### [Task input]
[Start of section]

Definition line (d : dir) (g : fn) (t x1 x2 : R) : R -> R :=
  match d with
  | Dt => fun s => g s x1 x2
  | D1 => fun s => g t s x2
  | D2 => fun s => g t x1 s
  end.

Definition base (d : dir) (t x1 x2 : R) : R :=
  match d with Dt => t | D1 => x1 | D2 => x2 end.

Definition pd (d : dir) (g : fn) : fn :=
  fun t x1 x2 => Derive (line d g t x1 x2) (base d t x1 x2).

Fixpoint pdl (l : list dir) (g : fn) : fn :=
  match l with
  | [] => g
  | d :: l' => pd d (pdl l' g)
  end.

Definition smooth (g : fn) : Prop :=
  forall l : list dir,
    (forall t x1 x2,
       continuous (fun p : R * R * R => let '(a, b, c) := p in pdl l g a b c)
                  (t, x1, x2)) /\
    (forall d t x1 x2, ex_derive (line d (pdl l g) t x1 x2) (base d t x1 x2)).

Definition comp1r (F : sf) : fn := fun t x1 x2 => fst (fst (F t x1 x2)).
Definition comp1i (F : sf) : fn := fun t x1 x2 => snd (fst (F t x1 x2)).
Definition comp2r (F : sf) : fn := fun t x1 x2 => fst (snd (F t x1 x2)).
Definition comp2i (F : sf) : fn := fun t x1 x2 => snd (snd (F t x1 x2)).

Definition smoothS (F : sf) : Prop :=
  smooth (comp1r F) /\ smooth (comp1i F) /\ smooth (comp2r F) /\ smooth (comp2i F).

(* the vector fields Gamma_1..Gamma_6 = d_t, d_1, d_2, Omega, L_1, L_2 *)
Inductive vf := Vt | V1 | V2 | VOm | VL1 | VL2.

Definition Gam (k : vf) (g : fn) : fn :=
  match k with
  | Vt => pd Dt g
  | V1 => pd D1 g
  | V2 => pd D2 g
  | VOm => fun t x1 x2 => x1 * pd D2 g t x1 x2 - x2 * pd D1 g t x1 x2
  | VL1 => fun t x1 x2 => t * pd D1 g t x1 x2 + x1 * pd Dt g t x1 x2
  | VL2 => fun t x1 x2 => t * pd D2 g t x1 x2 + x2 * pd Dt g t x1 x2
  end.

Definition liftS (X : fn -> fn) (F : sf) : sf :=
  fun t x1 x2 =>
    ((X (comp1r F) t x1 x2, X (comp1i F) t x1 x2),
     (X (comp2r F) t x1 x2, X (comp2i F) t x1 x2)).

Definition spadd (u v : spinor) : spinor :=
  (Cplus (fst u) (fst v), Cplus (snd u) (snd v)).
Definition spscale (z : C) (u : spinor) : spinor :=
  (Cmult z (fst u), Cmult z (snd u)).
Definition spsub (u v : spinor) : spinor := spadd u (spscale (RtoC (-1)) v).
Definition spnorm (u : spinor) : R :=
  sqrt (Cmod (fst u) ^ 2 + Cmod (snd u) ^ 2).

(* Dirac matrices: gamma0 = [[1,0],[0,-1]], gamma1 = [[0,1],[-1,0]],
   gamma2 = [[0,-i],[-i,0]] acting on column vectors (a,b). *)
Definition gamma0 (u : spinor) : spinor := (fst u, Copp (snd u)).
Definition gamma1 (u : spinor) : spinor := (snd u, Copp (fst u)).
Definition gamma2 (u : spinor) : spinor :=
  (Cmult (Copp Ci) (snd u), Cmult (Copp Ci) (fst u)).

Definition GamH (k : vf) (F : sf) : sf :=
  match k with
  | VOm => fun t x1 x2 =>
      spsub (liftS (Gam VOm) F t x1 x2)
            (spscale (RtoC (1/2)) (gamma1 (gamma2 (F t x1 x2))))
  | VL1 => fun t x1 x2 =>
      spsub (liftS (Gam VL1) F t x1 x2)
            (spscale (RtoC (1/2)) (gamma0 (gamma1 (F t x1 x2))))
  | VL2 => fun t x1 x2 =>
      spsub (liftS (Gam VL2) F t x1 x2)
            (spscale (RtoC (1/2)) (gamma0 (gamma2 (F t x1 x2))))
  | _ => liftS (Gam k) F
  end.

Definition mi := (nat * nat * nat * nat * nat * nat)%type.

Definition mi_size (I : mi) : nat :=
  let '(i1, i2, i3, i4, i5, i6) := I in (i1 + i2 + i3 + i4 + i5 + i6)%nat.

Definition GammaI (I : mi) (g : fn) : fn :=
  let '(i1, i2, i3, i4, i5, i6) := I in
  Nat.iter i1 (Gam Vt) (Nat.iter i2 (Gam V1) (Nat.iter i3 (Gam V2)
   (Nat.iter i4 (Gam VOm) (Nat.iter i5 (Gam VL1) (Nat.iter i6 (Gam VL2) g))))).

Definition GammaHI (I : mi) (F : sf) : sf :=
  let '(i1, i2, i3, i4, i5, i6) := I in
  Nat.iter i1 (GamH Vt) (Nat.iter i2 (GamH V1) (Nat.iter i3 (GamH V2)
   (Nat.iter i4 (GamH VOm) (Nat.iter i5 (GamH VL1) (Nat.iter i6 (GamH VL2) F))))).

Definition mulRS (f1 : fn) (F : sf) : sf :=
  fun t x1 x2 => spscale (RtoC (f1 t x1 x2)) (F t x1 x2).

(* [phi]_- = phi - omega_a gamma^0 gamma^a phi at the point x = (x1,x2), x <> 0 *)
Definition minusP (x1 x2 : R) (u : spinor) : spinor :=
  let r := sqrt (x1 ^ 2 + x2 ^ 2) in
  spsub (spsub u (spscale (RtoC (x1 / r)) (gamma0 (gamma1 u))))
        (spscale (RtoC (x2 / r)) (gamma0 (gamma2 u))).

Definition mis_upto (n : nat) : list mi :=
  let s := seq 0 (S n) in
  filter (fun I => Nat.leb (mi_size I) n)
   (flat_map (fun a => flat_map (fun b => flat_map (fun c =>
     flat_map (fun d => flat_map (fun e => map (fun f => (a, b, c, d, e, f)) s)
     s) s) s) s) s).

Definition pairs_upto (n : nat) : list (mi * mi) :=
  filter (fun p => Nat.leb (mi_size (fst p) + mi_size (snd p)) n)
         (list_prod (mis_upto n) (mis_upto n)).

Definition sumR (l : list R) : R := fold_right Rplus 0 l.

[End of section]

Reproduce, character for character, only the lines of the preceding data that start at the line with "Definition comp2r (F" and end at the line with "(spscale (RtoC (1/2)) (gamma0 (gamma2", both included.

### [Solution for this task]
Definition comp2r (F : sf) : fn := fun t x1 x2 => fst (snd (F t x1 x2)).
Definition comp2i (F : sf) : fn := fun t x1 x2 => snd (snd (F t x1 x2)).

Definition smoothS (F : sf) : Prop :=
  smooth (comp1r F) /\ smooth (comp1i F) /\ smooth (comp2r F) /\ smooth (comp2i F).

(* the vector fields Gamma_1..Gamma_6 = d_t, d_1, d_2, Omega, L_1, L_2 *)
Inductive vf := Vt | V1 | V2 | VOm | VL1 | VL2.

Definition Gam (k : vf) (g : fn) : fn :=
  match k with
  | Vt => pd Dt g
  | V1 => pd D1 g
  | V2 => pd D2 g
  | VOm => fun t x1 x2 => x1 * pd D2 g t x1 x2 - x2 * pd D1 g t x1 x2
  | VL1 => fun t x1 x2 => t * pd D1 g t x1 x2 + x1 * pd Dt g t x1 x2
  | VL2 => fun t x1 x2 => t * pd D2 g t x1 x2 + x2 * pd Dt g t x1 x2
  end.

Definition liftS (X : fn -> fn) (F : sf) : sf :=
  fun t x1 x2 =>
    ((X (comp1r F) t x1 x2, X (comp1i F) t x1 x2),
     (X (comp2r F) t x1 x2, X (comp2i F) t x1 x2)).

Definition spadd (u v : spinor) : spinor :=
  (Cplus (fst u) (fst v), Cplus (snd u) (snd v)).
Definition spscale (z : C) (u : spinor) : spinor :=
  (Cmult z (fst u), Cmult z (snd u)).
Definition spsub (u v : spinor) : spinor := spadd u (spscale (RtoC (-1)) v).
Definition spnorm (u : spinor) : R :=
  sqrt (Cmod (fst u) ^ 2 + Cmod (snd u) ^ 2).

(* Dirac matrices: gamma0 = [[1,0],[0,-1]], gamma1 = [[0,1],[-1,0]],
   gamma2 = [[0,-i],[-i,0]] acting on column vectors (a,b). *)
Definition gamma0 (u : spinor) : spinor := (fst u, Copp (snd u)).
Definition gamma1 (u : spinor) : spinor := (snd u, Copp (fst u)).
Definition gamma2 (u : spinor) : spinor :=
  (Cmult (Copp Ci) (snd u), Cmult (Copp Ci) (fst u)).

Definition GamH (k : vf) (F : sf) : sf :=
  match k with
  | VOm => fun t x1 x2 =>
      spsub (liftS (Gam VOm) F t x1 x2)
            (spscale (RtoC (1/2)) (gamma1 (gamma2 (F t x1 x2))))
  | VL1 => fun t x1 x2 =>
      spsub (liftS (Gam VL1) F t x1 x2)
            (spscale (RtoC (1/2)) (gamma0 (gamma1 (F t x1 x2))))
  | VL2 => fun t x1 x2 =>
      spsub (liftS (Gam VL2) F t x1 x2)
            (spscale (RtoC (1/2)) (gamma0 (gamma2 (F t x1 x2))))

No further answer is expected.